So do share buyers, but both are a bad deal. The interest on loans for houses (mortgages) and shares (margin balances) is tax-deductible. But the rates are almost always too high. A big house loan presently costs 6.1% interest while a big stock loan costs about 9%. For the returns, we can forget about inflation because it helps debtors while hurting investors, making it a wash for those who borrow to invest. Still, nominal returns of 3% for houses and 10% for stocks aren't high enough to justify those rates. The tax breaks aren't really breaks at all. Moreover, a majority of homeowners don't claim them. Their incomes are low enough to make the standard deduction a better deal.
"What about the pride of home ownership?"
It's not for me. I define ownership as no longer having to pay for something and being able to do as I please with it. I own my coffee maker. House owners must pay taxes each year even when their mortgage payments are done. In certain markets they can't even make changes to the houses they've paid for without seeking the approval of others. Personally, I feel the pride of ownership for shares of businesses, and I'm proud to occupy a nice place while leaving the burden of poor returns and maintenance to someone else.
"You seem to knock government housing subsidies, but they've helped many Americans afford homes."
My inner socialist agrees. My other inner socialist worries that the government has effectively raised prices to the point where the middle class can't afford houses, or buries itself in debt to own them. My inner capitalist is too busy watching shares to care about house prices. My inner conspiracy theorist notes that while politicians tout the social benefits of homeownership none mentions its tax benefits to the government. I pay no taxes on the overall value of my stock portfolio, just on my cashed-in gains and collected dividends. But Americans pay taxes on the full $11 trillion worth of housing they own plus the $10 trillion worth of it they're still paying off.

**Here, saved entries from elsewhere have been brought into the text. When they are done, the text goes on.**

Variables (P a1 a2 a3 a4 : point3).
Hypotheses (pos1 : 0 < dist3 P a1) (pos2 : 0 < dist3 P a2)
           (pos3 : 0 < dist3 P a3) (pos4 : 0 < dist3 P a4).
Hypothesis P_balanced : balanced P a1 a2 a3 a4.

(* At a balanced point the linear parts cancel, so the excess of the distance sum
   at B over that at P is exactly the sum of the four gaps. *)
Lemma ft_sum_excess (b : point3) :
  ft_sum a1 a2 a3 a4 b - ft_sum a1 a2 a3 a4 P =
  gap P a1 b + gap P a2 b + gap P a3 b + gap P a4 b.
Proof.
  assert (Hlin : forall a, 0 < dist3 P a ->
            dot (unitv P a) (sub3 b a) = dot (unitv P a) (sub3 b P) + dist3 P a).
  { intros a Ha.
    replace (dot (unitv P a) (sub3 b a))
      with (dot (unitv P a) (sub3 b P) + dot (unitv P a) (sub3 P a))
      by (unfold dot, sub3; simpl; ring).
    rewrite (sub3_unitv P a Ha).
    replace (dot (unitv P a) (scal (dist3 P a) (unitv P a)))
      with (dist3 P a * dot (unitv P a) (unitv P a)) by (unfold dot, scal; simpl; ring).
    rewrite (unitv_norm P a Ha). ring. }
  assert (Hcancel : dot (add3 (add3 (add3 (unitv P a1) (unitv P a2)) (unitv P a3))
                             (unitv P a4)) (sub3 b P) = 0)
    by (rewrite P_balanced; unfold dot; simpl; ring).
  rewrite !dot_add3_l in Hcancel.
  unfold gap, ft_sum.
  rewrite (Hlin a1 pos1), (Hlin a2 pos2), (Hlin a3 pos3), (Hlin a4 pos4). lra.
Qed.

Lemma balanced_is_FT_point : is_FT_point a1 a2 a3 a4 P.
Proof.
  intro b. pose proof (ft_sum_excess b).
  pose proof (gap_nonneg P a1 b pos1). pose proof (gap_nonneg P a2 b pos2).
  pose proof (gap_nonneg P a3 b pos3). pose proof (gap_nonneg P a4 b pos4). lra.
Qed.

(* Any other minimizer B has zero gaps, so it lies on the rays from a1 and from a2
   through P; when these rays are not parallel they meet only at P. *)
Lemma balanced_FT_point_unique (b : point3) :
  cross3 (unitv P a1) (unitv P a2) <> origin ->
  is_FT_point a1 a2 a3 a4 b -> b = P.
Proof.
  intros Hcross Hb. specialize (Hb P). pose proof (ft_sum_excess b).
  pose proof (gap_nonneg P a1 b pos1) as G1. pose proof (gap_nonneg P a2 b pos2) as G2.
  pose proof (gap_nonneg P a3 b pos3). pose proof (gap_nonneg P a4 b pos4).
  assert (Hray : forall a, 0 < dist3 P a -> gap P a b = 0 ->
            sub3 b P = scal (dist3 b a - dist3 P a) (unitv P a)).
  { intros a Ha Hgap. pose proof (gap_zero_on_ray P a b Ha Hgap) as Hb_ray.
    pose proof (sub3_unitv P a Ha) as HP_ray.
    set (u := unitv P a) in *. clearbody u. unfold sub3, scal in *. injection Hb_ray as Bx By Bz. injection HP_ray as Px Py Pz.
    f_equal; lra. }
  pose proof (Hray a1 pos1 ltac:(lra)) as R1. pose proof (Hray a2 pos2 ltac:(lra)) as R2.
  destruct (non_parallel_scal_eq _ _ _ _ Hcross (eq_trans (eq_sym R1) R2)) as [C1 _].
  rewrite C1 in R1. unfold sub3, scal in R1. injection R1 as Ex Ey Ez.
  destruct b, P; simpl in *. f_equal; lra.
Qed.

End BalancedPoint.

(** * The explicit tetrahedron *)

Definition A1 : point3 := P3 0 0 0.
Definition A2 : point3 := P3 2 0 0.
Definition A3 : point3 := P3 0 2 2.
Definition A4 : point3 := P3 0 2 (-2).

Lemma IZR_rational (n : Z) : is_rational (IZR n).
Proof. exists (inject_Z n). unfold Q2R; simpl. field. Qed.

Lemma tetrahedron_rational :
  rational_point A1 /\ rational_point A2 /\ rational_point A3 /\ rational_point A4.
Proof. repeat split; apply IZR_rational. Qed.

Lemma tetrahedron_non_coplanar : non_coplanar A1 A2 A3 A4.
Proof. unfold non_coplanar, det3, sub3, A1, A2, A3, A4; simpl. lra. Qed.

Section FTPointOfTetrahedron.

Variable x : R.
Hypotheses (x_range : 2/5 <= x <= 9/20) (x_root : cubic x = 0).

Definition ft_point : point3 := P3 x (1 - x) 0.

Let W := dist3 ft_point A2.

Lemma W_sq : W * W = (x-2)*(x-2) + (1-x)*(1-x).
Proof. unfold W; rewrite dist3_sq; unfold dot, sub3, ft_point, A2; simpl; ring. Qed.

"Houses are bigger than apartments."
True, and both can be rented. A third of renters live in single-family houses. I prefer an apartment for now. I like not having to fill it with stuff. I like using a fifth of the energy of the average American. I like being 20 minutes from work and (this is unique to New Yorkers) not having owned a car in 10 years. I like not stressing over whether to get the marble countertops or the imported tiles or the 52-inch flat screen. I'm not especially frugal; I spend a teacher's salary each year on restaurants and travel. But I guess I'm too busy or lazy right now to bother with a big house and its innards.
"Are you saying I should sell my big house and rent an apartment instead?"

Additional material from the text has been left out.